Here, the result is used to remove columns B
and D
from df
:
df2 = df[df.columns.difference(['B', 'D'])]
Note that it's a set-based method, so duplicate column names will cause issues, and the column order may be changed.
Advantage over drop
: you don't create a copy of the entire dataframe when you only need the list of columns. For instance, in order to drop duplicates on a subset of columns:
# may create a copy of the dataframe
subset = df.drop(['B', 'D'], axis=1).columns
# does not create a copy the dataframe
subset = df.columns.difference(['B', 'D'])

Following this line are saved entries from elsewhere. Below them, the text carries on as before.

(* Let $V$ be a finite-dimensional real vector space, $p\ge2$, and $(P,\Omega)$ a linear Dirac structure of order $p$ on $V$ relative to $\mathbb R$. Let $L=\{(v,\omega)\in V\times\Lambda^{p-1}V^*: v\in P,\ i_v\Omega=\omega|_{\Lambda^{p-1}P}\}$ and $L^\perp=\{(Z,\eta)\in\Lambda^{p-1}V\times V^*: Z\in\Lambda^{p-1}P,\ i_Z\Omega=\eta|_P\}$, and let $\pi^*(L)\subset\Lambda^{p-1}V^*$ and $\pi^*(L^\perp)\subset V^*$ be the projections onto the second components. Then $\Lambda^{p-1}\big(\pi^*(L^\perp)\big)\subset\pi^*(L)$.
   Context: A linear Dirac structure of order $p$ on $V$ relative to $\mathbb R$ is a pair $(P,\Omega)$ where $P\subset V$ is a subspace and $\Omega\in\Lambda^pP^*$, satisfying condition (H): for all $Z_1,\dots,Z_{p-1}\in\Lambda^{p-1}P$ there exists $v\in P$ with $(i_{Z_1}\Omega)\wedge\dots\wedge(i_{Z_{p-1}}\Omega)=i_v\Omega$. Here $(i_v\Omega)(Z)=\Omega(v\wedge Z)$ for $v\in P$, $Z\in\Lambda^{p-1}P$, and $(i_Z\Omega)(w)=\Omega(Z\wedge w)$ for $w\in P$. *)

(* Exterior algebra of V = 'rV[R]_n in coordinates w.r.t.
   the standard basis: a multivector (or, dually, a multi-covector) is a
   function on subsets S of 'I_n, S <-> e_{s1} /\ ... /\ e_{sk} (s1<...<sk). *)
From HB Require Import structures.
From mathcomp Require Import all_boot all_order all_algebra.
From mathcomp Require Import reals.
Set Implicit Arguments. Unset Strict Implicit. Unset Printing Implicit Defensive.
Import Order.TTheory GRing.Theory Num.Theory.
Local Open Scope ring_scope.

Section Exterior.
Variable R : realType.

Local Notation mv n := {ffun {set 'I_n} -> R}.

(* sign of  e_T /\ e_U = sgnw T U e_(T :|: U)  for disjoint T U *)
Definition sgnw (n : nat) (T U : {set 'I_n}) : R :=
  (-1) ^+ #|[set tu : 'I_n * 'I_n |
              [&& tu.1 \in T, tu.2 \in U & (tu.2 < tu.1)%N]]|.

Definition wedge (n : nat) (a b : mv n) : mv n :=
  [ffun S : {set 'I_n} => \sum_(T : {set 'I_n} | T \subset S)
                sgnw T (S :\: T) * a T * b (S :\: T)].

Definition mv1 (n : nat) : mv n := [ffun S : {set 'I_n} => (S == set0)%:R].
Definition ebasis (n : nat) (S : {set 'I_n}) : mv n := [ffun T : {set 'I_n} => (T == S)%:R].

Definition vec1 (n : nat) (v : 'rV[R]_n) : mv n :=
  [ffun S : {set 'I_n} => \sum_(i : 'I_n | S == [set i]) v 0 i].

Definition wedgeF (n k : nat) (f : 'I_k -> 'rV[R]_n) : mv n :=
  foldr (fun v acc => wedge (vec1 v) acc) (mv1 n) [seq f j | j <- enum 'I_k].

Definition grade (n k : nat) (a : mv n) : Prop :=
  forall S : {set 'I_n}, #|S| != k -> a S = 0.

(* duality pairing  Lambda^k V^* x Lambda^k V -> R
   (so that (e1/\..../\ek)(v1/\.../\vk) = det (ei(vj))) *)
Definition pair (n : nat) (a b : mv n) : R := \sum_(S : {set 'I_n}) a S * b S.

Definition ev (n : nat) (eta v : 'rV[R]_n) : R := \sum_(i < n) eta 0 i * v 0 i.

Definition spanwedge (n k : nat) (W : 'rV[R]_n -> Prop) (x : mv n) : Prop :=
  exists (m : nat) (c : 'I_m -> R) (f : 'I_m -> 'I_k -> 'rV[R]_n),
    (forall i j, W (f i j)) /\
    forall S, x S = \sum_(i < m) c i * wedgeF (f i) S.

Definition ext_sub (n k : nat) (P : {vspace 'rV[R]_n}) (Z : mv n) : Prop :=
  spanwedge k (fun v => v \in P) Z.

Definition iv (n : nat) (Omega : mv n) (v : 'rV[R]_n) : mv n :=
  [ffun S : {set 'I_n} => pair Omega (wedge (vec1 v) (ebasis S))].

Definition iZ (n : nat) (Omega Z : mv n) : 'rV[R]_n :=
  \row_i pair Omega (wedge Z (vec1 (delta_mx 0 i))).

Definition eq_on (n k : nat) (P : {vspace 'rV[R]_n}) (a b : mv n) : Prop :=
  forall Y, ext_sub k P Y -> pair a Y = pair b Y.

(* Omega : an element of Lambda^p V^* representing (by restriction) an
   element of Lambda^p P^*; every element of Lambda^p P^* arises this way,
   and all notions below only depend on the restriction. *)
Definition condH (n p : nat) (P : {vspace 'rV[R]_n}) (Omega : mv n) : Prop :=
  forall Zs : 'I_(p.-1) -> mv n,
    (forall j, ext_sub p.-1 P (Zs j)) ->
    exists2 v, v \in P &
      eq_on p.-1 P (wedgeF (fun j => iZ Omega (Zs j))) (iv Omega v).

Definition linear_Dirac (n p : nat) (P : {vspace 'rV[R]_n}) (Omega : mv n) : Prop :=
  grade p Omega /\ condH p P Omega.

Definition piL (n p : nat) (P : {vspace 'rV[R]_n}) (Omega : mv n) (w : mv n) : Prop :=
  grade p.-1 w /\ exists2 v, v \in P & eq_on p.-1 P (iv Omega v) w.

Definition piLperp (n p : nat) (P : {vspace 'rV[R]_n}) (Omega : mv n)
    (eta : 'rV[R]_n) : Prop :=
  exists2 Z, ext_sub p.-1 P Z &
    forall w, w \in P -> ev (iZ Omega Z) w = ev eta w.

End Exterior.

(* Write Lambda P for the subalgebra of Lambda V generated by P.  The
   contraction i_theta by a covector theta is adjoint to left wedging with
   theta, is an antiderivation, hence maps Lambda P into itself, and on
   Lambda P it only depends on the restriction of theta to P.  By induction
   on the number of factors, the pairing of eta_1 /\ ... /\ eta_k with an
   element of Lambda P thus only depends on the restrictions eta_j|_P.
   Hence if each eta_j agrees on P with i_{Z_j} Omega, then eta_1 /\ ... /\
   eta_{p-1} agrees on Lambda^{p-1} P with the wedge of the i_{Z_j} Omega,
   which by condition (H) is some i_v Omega; linearity of v |-> i_v Omega
   handles linear combinations of such wedges. *)
From HB Require Import structures.
From mathcomp Require Import all_boot all_order all_algebra.
From mathcomp Require Import reals ring.
From Stdlib Require Import IndefiniteDescription.
Set Implicit Arguments. Unset Strict Implicit. Unset Printing Implicit Defensive.
Import Order.TTheory GRing.Theory Num.Theory.
Local Open Scope ring_scope.

Lemma nth_map_ord_enum (T : Type) k (f : 'I_k -> T) x0 (o : 'I_k) :
  nth x0 [seq f j | j <- enum 'I_k] o = f o.
Proof. by rewrite (nth_map o) ?size_enum_ord // nth_ord_enum. Qed.

Section ExteriorAlgebra.
Variables (R : realType) (n : nat).
Local Notation mv := {ffun {set 'I_n} -> R}.
Implicit Types (i j : 'I_n) (S T U A : {set 'I_n}) (B Y : mv) (u v x y th : 'rV[R]_n).

Definition mvscale (a : R) B : mv := [ffun S => a * B S].

Lemma wedge_vec1E u B S :
  wedge (vec1 u) B S = \sum_(j in S) sgnw R [set j] (S :\ j) * u 0 j * B (S :\ j).
Proof.
rewrite ffunE.
under eq_bigr => T _ do rewrite ffunE big_distrr big_distrl /=.
rewrite (exchange_big_dep predT) //= [RHS]big_mkcond /=; apply: eq_bigr => i _.
rewrite (eq_bigl (fun T => (T == [set i]) && (T \subset S))); last first.
  by move=> T; rewrite andbC.
by rewrite big_mkcondr /= big_pred1_eq -sub1set.
Qed.

Lemma sgnw_set1 i U : sgnw R [set i] U = (-1) ^+ #|[set b in U | (b < i)%N]|.
Proof.
have inj_pair : injective (fun b : 'I_n => (i, b)) by move=> x y [].
rewrite /sgnw -(card_imset _ inj_pair); congr (_ ^+ _); apply: eq_card => -[a b].
rewrite !inE /=; apply/idP/imsetP => [/and3P[/eqP-> bU lt] | [c]].
  by exists b; rewrite // inE bU.
by rewrite inE => /andP[cU lt] [-> ->]; rewrite eqxx cU lt.
Qed.

Lemma sgnw_sqr T U : sgnw R T U * sgnw R T U = 1.
Proof. by rewrite -exprMn mulrNN mul1r expr1n. Qed.

Lemma card_lt_setU1 i j A : j \notin A ->
  #|[set b in j |: A | (b < i)%N]| = (#|[set b in A | (b < i)%N]| + (j < i))%N.
Proof.
move=> jA; case: (ltnP j i) => ji.
  have -> : [set b in j |: A | (b < i)%N] = j |: [set b in A | (b < i)%N].
    by apply/setP => b; rewrite !inE; case: (eqVneq b j) => [->|]; rewrite ?ji.
  by rewrite cardsU1 inE (negPf jA) addnC.
have -> : [set b in j |: A | (b < i)%N] = [set b in A | (b < i)%N].
  apply/setP => b; rewrite !inE.
  by case: (eqVneq b j) => [->|] //=; rewrite ltnNge ji andbF.
by rewrite addn0.
Qed.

df = df.drop_duplicates(subset=subset)
Solution 3:
Another option, without dropping or filtering in a loop:
import numpy as np
import pandas as pd
# Create a dataframe with columns A,B,C and D
df = pd.DataFrame(np.random.randn(100, 4), columns=list('ABCD'))
# include the columns you want
df[df.columns[df.columns.isin(['A', 'B'])]]
# or more simply include columns:
df[['A', 'B']]
# exclude columns you don't want
df[df.columns[~df.columns.isin(['C','D'])]]
# or even simpler since 0.24
# with the caveat that it reorders columns alphabetically
df[df.columns.difference(['C', 'D'])]
Solution 4:
You don't really need to convert that into a set:
cols = [col for col in df.columns if col not in ['B', 'D']]
df2 = df[cols]